In the event of an emergency, both Mt. Grant and William Bee Ririe are planning to draw on the doctors who work at their affiliated primary care clinics, and Walker said that some doctors who work with the hospital but live elsewhere have also said they might be able to help.
Hospitals are also making preparations to ensure they have adequate space in which to house patients, including checking with the state to see whether they would be able to convert old surgery rooms or obstetrics departments to add additional bed space if needed. On top of that, not all rural hospitals have negative pressure rooms needed to isolate patients and prevent cross-contamination from room to room.
“Some of our ERs can be converted to negative air pressure, but you take away a room for a person coming in for a laceration or broken bone or a heart attack,” Hall said.
Mt.

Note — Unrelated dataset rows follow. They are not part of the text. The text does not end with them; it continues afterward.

Section Runs.
Variables (p : nat) (M : TM p) (r : nat) (x : {poly 'F_p}).
Local Notation step := (@step p M r x).

Fixpoint run_from (c : config M) (n : nat) : option (config M) :=
  if n is n'.+1 then obind step (run_from c n') else Some c.

Lemma run_run_from f t : run M r f x t = run_from (init_config M r f) t.
Proof. by elim: t => //= t ->. Qed.

Lemma run_fromD c n m : run_from c (n + m) = obind (run_from^~ m) (run_from c n).
Proof.
elim: m => [|m IH]; first by rewrite addn0; case: (run_from c n).
by rewrite addnS /= IH; case: (run_from c n).
Qed.

Definition reach (c c' : config M) := exists n, run_from c n = Some c'.

Lemma reach_refl c : reach c c.
Proof. by exists 0%N. Qed.

Lemma reach_trans c1 c2 c3 : reach c1 c2 -> reach c2 c3 -> reach c1 c3.
Proof. by move=> [n Hn] [m Hm]; exists (n + m); rewrite run_fromD Hn. Qed.

Lemma reach_step c c' : step c = Some c' -> reach c c'.
Proof. by exists 1%N. Qed.

Lemma reach_iter (P : nat -> config M -> Prop) n c (Q : config M -> Prop) :
  (forall k c, (k < n)%N -> P k c -> exists c', reach c c' /\ P k.+1 c') ->
  P 0%N c -> (forall c', P n c' -> Q c') -> exists c', reach c c' /\ Q c'.
Proof.
move=> Pstep P0 PQ.
suff [c' [R' Pc']] : exists c', reach c c' /\ P n c' by exists c'; split; last exact: PQ.
elim: n {PQ} Pstep => [|n IH] Pstep; first by exists c; split=> //; apply: reach_refl.
have [c1 [R1 P1]] := IH (fun k c' ltkn => Pstep k c' (ltnW ltkn)).
have [c2 [R2 P2]] := Pstep n c1 (ltnSn n) P1.
by exists c2; split=> //; apply: reach_trans R1 R2.
Qed.

End Runs.

Section Heads.
Variables (p r : nat) (f x : {poly 'F_p}).
Local Notation cfg := (config (inv_machine p)).
Local Notation step := (@step p (inv_machine p) r x).
Local Notation run_from := (@run_from p (inv_machine p) r x).

Definition heads_in_sync (c : cfg) :=
  [/\ (c_in c <= r.+1)%N, (forall j, c_pos c j = c_in c)
    & (c_in c = r.+1 -> (c_state c).1 = true)].

Lemma move_dir_bounded h d : (h <= r.+1)%N -> (h = r.+1 -> d = true) ->
  let d' := if input_sym r x h is None then ~~ d else d in
  (move_nat (move_dir d') h <= r.+1)%N /\ (move_nat (move_dir d') h = r.+1 -> d' = true).
Proof.
move=> le_h_r1 end_d; rewrite /input_sym.
case: ifP => [/andP [h_gt0 le_hr]|/negbT h_out]; first by case: d {end_d} => /=; lia.
have [->|h_r1] : h = 0%N \/ h = r.+1 by lia.
  by case: d {end_d} => /=; lia.
by rewrite h_r1 end_d //=; lia.
Qed.

Lemma heads_in_sync_step c c' :
  heads_in_sync c -> step c = Some c' -> heads_in_sync c'.
Proof.
case: c => [[d q] h tp ps o] [/= le_h_r1 pos_h end_d].
rewrite /step /= /inv_delta /=.
case: phase_step => [[[[[q' w_y] w_z] w_m] o']|] //= [<-] /=.
have [le_h' end_d'] := move_dir_bounded le_h_r1 end_d.
by rewrite (minn_idPr le_h'); split=> //= j; rewrite pos_h.
Qed.

Lemma heads_in_sync_run_from c n c' :
  heads_in_sync c -> run_from c n = Some c' -> heads_in_sync c'.
Proof.
elim: n c' => [|n IH] c' sync_c /=; first by case=> <-.
case E: run_from => [c1|] //=; exact: heads_in_sync_step (IH _ sync_c E).
Qed.

Lemma run_heads_le t c : run (inv_machine p) r f x t = Some c ->
  forall j, (c_pos c j <= r.+1)%N.
Proof.
rewrite run_run_from => /heads_in_sync_run_from.
by case=> [|le_in pos _ j]; [split | rewrite pos].
Qed.

End Heads.

Section InverseMachine.
Variables (p r : nat) (f x : {poly 'F_p}).
Hypotheses (r_gt0 : (0 < r)%N) (size_f : size f = r.+1) (f_monic : f \is monic).
Hypothesis size_x : (size x <= r)%N.
Local Notation F := 'F_p.
Local Notation cfg := (config (inv_machine p)).
Local Notation step := (@step p (inv_machine p) r x).
Local Notation run_from := (@run_from p (inv_machine p) r x).
Local Notation reach := (@reach p (inv_machine p) r x).
Local Notation horner_step := (horner_step r f x).
Local Notation horner_step_r := (horner_step_r r_gt0 size_f f_monic size_x).
Local Notation horner_step_partial := (horner_step_partial r_gt0 size_f f_monic size_x).
Local Notation partial_prod := (partial_prod f x).

Definition f_cell n : F := if (n < r)%N then f`_n else 0.

(* All heads are on cell [h]; tapes 1-3 hold [Y], [Z], [Mk] on the cells
   [1 <= n <= r], while cells 0 and r+1, under the endmarkers, are scratch. *)
Definition cfg_spec (c : cfg) h d q (Y Z Mk : nat -> F) (O : seq F) :=
  [/\ c_state c = (d, q), c_in c = h, forall j, c_pos c j = h,
      forall n, c_tape c tape_f n = f_cell n
    & forall n, (0 < n <= r)%N -> [/\ c_tape c tape_y n = Y n,
        c_tape c tape_z n = Z n & c_tape c tape_mark n = Mk n]]
  /\ c_out c = O.

Lemma cfg_spec_congr c h d q Y Z Mk O h' q' Y' Z' Mk' O' :
  cfg_spec c h d q Y Z Mk O -> h = h' -> q = q' -> O = O' ->
  (forall n, (0 < n <= r)%N -> [/\ Y n = Y' n, Z n = Z' n & Mk n = Mk' n]) ->
  cfg_spec c h' d q' Y' Z' Mk' O'.
Proof.
move=> [[st h_in pos tf tape] out] <- <- <- eqYZM; split=> //; split=> // n n_in.
by have [<- <- <-] := eqYZM n n_in; apply: tape.
Qed.

Definition upd (Y : nat -> F) h w n := if n == h then w else Y n.
Definition add_out (O : seq F) (o : option F) := if o is Some a then rcons O a else O.

Lemma upd_id (Y : nat -> F) h n : upd Y h (Y h) n = Y n.
Proof. by rewrite /upd; case: eqP => // ->. Qed.

Lemma step_inner c h d q Y Z Mk O q' w_y w_z w_m o :
  cfg_spec c h d q Y Z Mk O -> (0 < h <= r)%N ->
  phase_step q (Some x`_h.-1) (f_cell h) (Y h) (Z h) (Mk h) =
    Some (q', w_y, w_z, w_m, o) ->
  exists c', step c = Some c' /\
    cfg_spec c' (if d then h.+1 else h.-1) d q' (upd Y h w_y) (upd Z h w_z) (upd Mk h w_m)
      (add_out O o).
Proof.
case: c => [s h0 tp ps oc] [[/= -> -> pos tf tape] /= out] h_in act.
have [ty tz tm] := tape h h_in.
rewrite /step /= /inv_delta /= !pos tf ty tz tm /input_sym h_in act /=.
eexists; split; first reflexivity.
split; [split=> //= | by rewrite out].
- by case/andP: h_in => *; case: d {act} => /=; apply/minn_idPr; lia.
- by move=> j; rewrite pos; case: d {act}.
- by move=> n; rewrite pos tf; case: eqP => // ->.
- move=> n n_in; have [uy uz um] := tape n n_in.
  by rewrite !pos /upd uy uz um; case: eqP.
Qed.

Lemma step_right_end c q Y Z Mk O q' o :
  cfg_spec c r.+1 true q Y Z Mk O ->
  (forall v_f v_y v_z v_m, exists w_y w_z w_m,
     phase_step q None v_f v_y v_z v_m = Some (q', w_y, w_z, w_m, o)) ->
  exists c', step c = Some c' /\ cfg_spec c' r false q' Y Z Mk (add_out O o).
Proof.
case: c => [s h0 tp ps oc] [[/= -> -> pos tf tape] /= out] act.
rewrite /step /= /inv_delta /= !pos /input_sym ltnn andbF.
have [w_y [w_z [w_m ->]]] :=
  act (tp tape_f r.+1) (tp tape_y r.+1) (tp tape_z r.+1) (tp tape_mark r.+1).
eexists; split; first reflexivity.
split; [split=> //= | by rewrite out].
- exact/minn_idPr.
- by move=> j; rewrite pos.
- by move=> n; rewrite pos tf; case: eqP => // ->.
- move=> n n_in; have [uy uz um] := tape n n_in.
  have /negbTE n_r1 : n != r.+1 by lia.
  by rewrite !pos uy uz um n_r1.
Qed.

Lemma step_left_end c q Y Z Mk O q' o :
  cfg_spec c 0 false q Y Z Mk O ->
  (forall v_y v_z v_m, exists w_y w_z w_m,
     phase_step q None (f_cell 0) v_y v_z v_m = Some (q', w_y, w_z, w_m, o)) ->
  exists c', step c = Some c' /\ cfg_spec c' 1 true q' Y Z Mk (add_out O o).
Proof.
case: c => [s h0 tp ps oc] [[/= -> -> pos tf tape] /= out] act.
rewrite /step /= /inv_delta /= !pos tf.
have [w_y [w_z [w_m ->]]] := act (tp tape_y 0) (tp tape_z 0) (tp tape_mark 0).
eexists; split; first reflexivity.
split; [split=> //= | by rewrite out].
- by move=> j; rewrite pos.
- by move=> n; rewrite pos tf; case: eqP => // ->.
- move=> n n_in; have [uy uz um] := tape n n_in.
  have /negbTE n_0 : n != 0%N by lia.
  by rewrite !pos uy uz um n_0.
Qed.

Lemma step_emit_end c Y Z Mk O : cfg_spec c r.+1 true Emit Y Z Mk O -> step c = None.
Proof.
case: c => [s h0 tp ps oc] [[/= -> -> pos _ _] _].
by rewrite /step /= /inv_delta /= !pos /input_sym ltnn andbF.
Qed.

(* Unlike [f] on tape 0, sequences on tapes 1-3 are stored one cell to the
   right: entry [n - 1] in cell [n]. *)
Definition cells (s : seq F) n := nth 0 s n.-1.
Definition marker (m n : nat) : F := (n == m)%:R.

Lemma marker_eq1 m n : (marker m n == 1) = (n == m).
Proof. by rewrite /marker; case: (n == m); rewrite ?eqxx // eq_sym oner_eq0. Qed.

Grant General, for instance, can’t meet the strict isolation standards put forward by the Centers for Disease Control and Prevention and is planning to transfer any patients who test positive for coronavirus elsewhere. Qualls said that any patient who tests positive for coronavirus would be isolated in one of the hospital’s ER rooms until the hospital could arrange transport.
Rural hospitals have also finally smoothed out their testing procedure, with commercial labs Quest and LabCorp agreeing to have their couriers deliver coronavirus samples to the Nevada State Public Health Laboratory in Reno on their daily lab runs, and soon the two companies will begin their own commercial testing.

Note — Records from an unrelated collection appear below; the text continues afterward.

Lemma next_le_antisym a b : next_le a b -> next_le b a -> a = b.
Proof.
  destruct a as [x|s], b as [y|t]; simpl; try tauto.
  - intros; f_equal; apply le_antisym; assumption.
  - intros [Hst | [q [Hq Hb]]] [Hts | [q' [Hq' Hb']]].
    + f_equal; apply le_antisym; assumption.
    + exfalso. exact (Bk_supp_irrefl adm Hq' (Bk_antitone adm Hst Hb')).
    + exfalso. exact (Bk_supp_irrefl adm Hq (Bk_antitone adm Hts Hb)).
    + exfalso. exact (Bk_supp_irrefl adm Hq' (Bk_supp adm Hb Hq Hb')).
Qed.

Definition next_po : PO := {|
  carrier := (X + W Q)%type; le := next_le;
  le_refl := next_le_refl; le_antisym := next_le_antisym; le_trans := next_le_trans |}.

Record stage_embedding (f : QEmb Q next_po) : Prop := {
  se_emb : is_emb f;
  se_Bi : forall {x q}, Bi x q <-> le (inl x : next_po) (f q);
  se_Bk : forall {s q}, Bk s q <-> le (inr s : next_po) (f q);
  se_down : forall {n : next_po} {q}, le n (f q) -> exists q', n = f q';
  se_supp : forall {t q}, In q (supp W t) -> le (f q) (inr t : next_po)
}.

End NextStage.

Arguments admissible {Q} Bi Bk.
Arguments Bk_supp_irrefl {Q Bi Bk} _ {s q}.
Arguments next_po {Q Bi Bk} adm.
Arguments stage_embedding {Q Bi Bk adm} f.
Arguments se_emb {Q Bi Bk adm f} _.
Arguments se_Bi {Q Bi Bk adm f} _ {x q}.
Arguments se_Bk {Q Bi Bk adm f} _ {s q}.
Arguments se_down {Q Bi Bk adm f} _ {n q}.
Arguments se_supp {Q Bi Bk adm f} _ {t q}.

Section NextStageStep.
Variables (Q : PO) (Bi : X -> Q -> Prop) (Bk : W Q -> Q -> Prop).
Variable adm : admissible Bi Bk.
Variable f : QEmb Q (next_po adm).
Hypothesis f_spec : stage_embedding f.

Let N := next_po adm.

Definition step_Bi (x : X) (n : N) : Prop := le (inl x : N) n.

Definition step_Bk (s : W N) (n : N) : Prop :=
  exists s', Dmap W f s' = s /\ le (inr s' : N) n.

Lemma below_Dmap_range {t : W Q} {s : W N} :
  le s (Dmap W f t) -> exists s', Dmap W f s' = s.
Proof.
  intro Hle. apply (supp_rng (se_emb f_spec)). intros y Hy.
  destruct (W_normal _ _ _ Hle _ Hy) as [y' [Hy' Hyy']].
  destruct (supp_Dmap_inv _ _ _ _ Hy') as [q [_ ->]].
  destruct (se_down f_spec Hyy') as [q' ->]. exists q'; reflexivity.
Qed.
(* Assume Assumption A and let $(A_i,\tau_i)_{i=1}^n$ be a solution of system (S) with nonnegative initial data $\varphi_i\in X_\alpha$ satisfying $\int_{-\tau_{i0}}^0 f_i(Z_{i\varphi}(\sigma))\,d\sigma=1$ for all $i=1,\dots,n$. Then for each $i=1,\dots,n$ there exists $t_i^*>0$ such that $t_i^*-\tau_i(t_i^* )=0$.
   Context: For $\alpha>0$, $X_\alpha:=\{\phi\in C((-\infty,0]): e^{-\alpha|\cdot|}\phi(\cdot)\in BUC((-\infty,0])\cap \mathrm{Lip}((-\infty,0])\}$. The $n$-species system (S): for $i=1,\dots,n$, $$A_i'(t)=-\mu_{A_i}A_i(t)+\beta_i e^{-\mu_{J_i}\tau_i(t)}\frac{f_i(Z_i(t))}{f_i(Z_i(t-\tau_i(t)))}A_i(t-\tau_i(t)),\quad t\ge0,$$ $$\int_{t-\tau_i(t)}^{t}f_i(Z_i(\sigma))\,d\sigma=\int_{-\tau_{i0}}^{0}f_i(Z_{i\varphi}(\sigma))\,d\sigma,\quad t\ge0,$$ with $A_i(t)=\varphi_i(t)$ for $t\le0$, $\tau_i(0)=\tau_{i0}\ge0$, where $Z_i(t)=\sum_{j=1}^n\zeta_{ij}A_j(t)$, $Z_{i\varphi}(t)=\sum_{j=1}^n\zeta_{ij}\varphi_j(t)$, $\zeta_{ij}\ge0$. A solution consists of continuous $A_i:\mathbb{R}\to[0,\infty)$, differentiable on $[0,\infty)$, and $\tau_i:[0,\infty)\to[0,\infty)$ satisfying these equations for all $t\ge0$. Assumption A: for each $i$, (i) $\mu_{A_i}>0$, $\mu_{J_i}>0$, $\beta_i>0$, $\zeta_{ii}>0$; (ii) $f_i:\mathbb{R}\to(0,\infty)$ is Lipschitz continuous and continuously differentiable with $f_i>0$, $f_i'\le0$ on $\mathbb{R}$, $\lim_{x\to+\infty}f_i(x)=0$, and $\sup_{x\ge0}\frac{f_i(x)}{f_i(cx)}<+\infty$ for every $c\ge1$. *)

From Stdlib Require Import Reals Lra.
Open Scope R_scope.

Fixpoint sumR (n : nat) (g : nat -> R) : R :=
  match n with O => 0 | S m => sumR m g + g m end.

Definition cont_nonpos (phi : R -> R) : Prop :=
  forall s, s <= 0 -> forall eps, eps > 0 -> exists delta, delta > 0 /\
    forall s', s' <= 0 -> Rabs (s' - s) < delta -> Rabs (phi s' - phi s) < eps.

Definition BUC_nonpos (g : R -> R) : Prop :=
  (exists M, forall s, s <= 0 -> Rabs (g s) <= M) /\
  (forall eps, eps > 0 -> exists delta, delta > 0 /\
     forall s s', s <= 0 -> s' <= 0 -> Rabs (s' - s) < delta ->
       Rabs (g s' - g s) < eps).

Definition Lip_nonpos (g : R -> R) : Prop :=
  exists L, forall s s', s <= 0 -> s' <= 0 -> Rabs (g s - g s') <= L * Rabs (s - s').

Definition X_alpha (alpha : R) (phi : R -> R) : Prop :=
  cont_nonpos phi /\
  BUC_nonpos (fun s => exp (- alpha * Rabs s) * phi s) /\
  Lip_nonpos (fun s => exp (- alpha * Rabs s) * phi s).

Definition integral_eq (g : R -> R) (a b v : R) : Prop :=
  exists pr : Riemann_integrable g a b, RiemannInt pr = v.

Definition deriv_nonneg (A : R -> R) (t l : R) : Prop :=
  forall eps, eps > 0 -> exists delta, delta > 0 /\
    forall h, h <> 0 -> Rabs h < delta -> 0 <= t + h ->
      Rabs ((A (t + h) - A t) / h - l) < eps.

Definition AssumptionA (n : nat) (muA muJ beta : nat -> R) (zeta : nat -> nat -> R)
  (f : nat -> R -> R) : Prop :=
  forall i, (i < n)%nat ->
    muA i > 0 /\ muJ i > 0 /\ beta i > 0 /\ zeta i i > 0 /\
    (forall j, (j < n)%nat -> zeta i j >= 0) /\
    (exists L, forall x y, Rabs (f i x - f i y) <= L * Rabs (x - y)) /\
    (exists f', (forall x, derivable_pt_lim (f i) x (f' x)) /\ continuity f' /\
                (forall x, f' x <= 0)) /\
    (forall x, f i x > 0) /\
    (forall eps, eps > 0 -> exists X, forall x, x >= X -> Rabs (f i x) < eps) /\
    (forall c, c >= 1 -> exists M, forall x, x >= 0 -> f i x / f i (c * x) <= M).

Definition Zfun (n : nat) (zeta : nat -> nat -> R) (A : nat -> R -> R) (i : nat) (t : R) : R :=
  sumR n (fun j => zeta i j * A j t).

Definition is_solution (n : nat) (muA muJ beta : nat -> R) (zeta : nat -> nat -> R)
  (f : nat -> R -> R) (phi : nat -> R -> R) (tau0 : nat -> R)
  (A : nat -> R -> R) (tau : nat -> R -> R) : Prop :=
  forall i, (i < n)%nat ->
    continuity (A i) /\
    (forall t, 0 <= A i t) /\
    (forall t, t <= 0 -> A i t = phi i t) /\
    (forall t, 0 <= t -> 0 <= tau i t) /\
    tau0 i >= 0 /\ tau i 0 = tau0 i /\
    (forall t, 0 <= t ->
       deriv_nonneg (A i) t
         (- muA i * A i t
          + beta i * exp (- muJ i * tau i t)
            * (f i (Zfun n zeta A i t) / f i (Zfun n zeta A i (t - tau i t)))
            * A i (t - tau i t))) /\
    (forall t, 0 <= t ->
       exists v, integral_eq (fun s => f i (Zfun n zeta A i s)) (t - tau i t) t v /\
                 integral_eq (fun s => f i (Zfun n zeta phi i s)) (- tau0 i) 0 v).

From Stdlib Require Import Reals Lra Lia.
From Coquelicot Require Import Coquelicot.
Open Scope R_scope.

“It had proven the first couple of weeks a little difficult because people forget we’re a little far away and how were we going to get that lab specimen to the state lab,” Hall said. “(The Division of Public and Behavioral Health) and the state lab have been wonderful working with us.”
But not all rural hospitals even have the materials they need yet to test people. At Mt. Grant General, they have their courier plan in place, but they’re still waiting for kits to collect the samples.
“We’ve got the cart before the horse,” Qualls said.
Rural hospitals that have affiliated long-term care facilities have also had to take extra precautions, including ending visiting hours. Qualls said it’s been particularly hard at Mt. Grant General because most of the patients’ families are in town.
“They’re the population that’s most at risk, not just from the coronavirus but the flu, which has been our biggest challenge this winter,” Qualls said.
In the meantime, rural hospitals are focusing on community education — which they note is, perhaps, an easier endeavor in a small town where everyone already knows everyone than in the state’s urban areas.
“We have good communication with the community,” Walker said. “We’re trying to stress to the community to not panic. If you’re really sick, call ahead and let us know that you’re coming.”
Rural hospitals may also have an additional leg up, Qualls said. Because of their small size, they’re also required to think fast on their feet on a daily basis.
“It’s one more challenge, but rural hospitals have dedicated staff and they love their communities. They’re here to serve,” Qualls said. “What we lack in other resources we make up for in passion and commitment to the community.”
And as far as what will happen when the first coronavirus case arrives?
“I think we’re ready,” Hall said. “As ready as you can be.”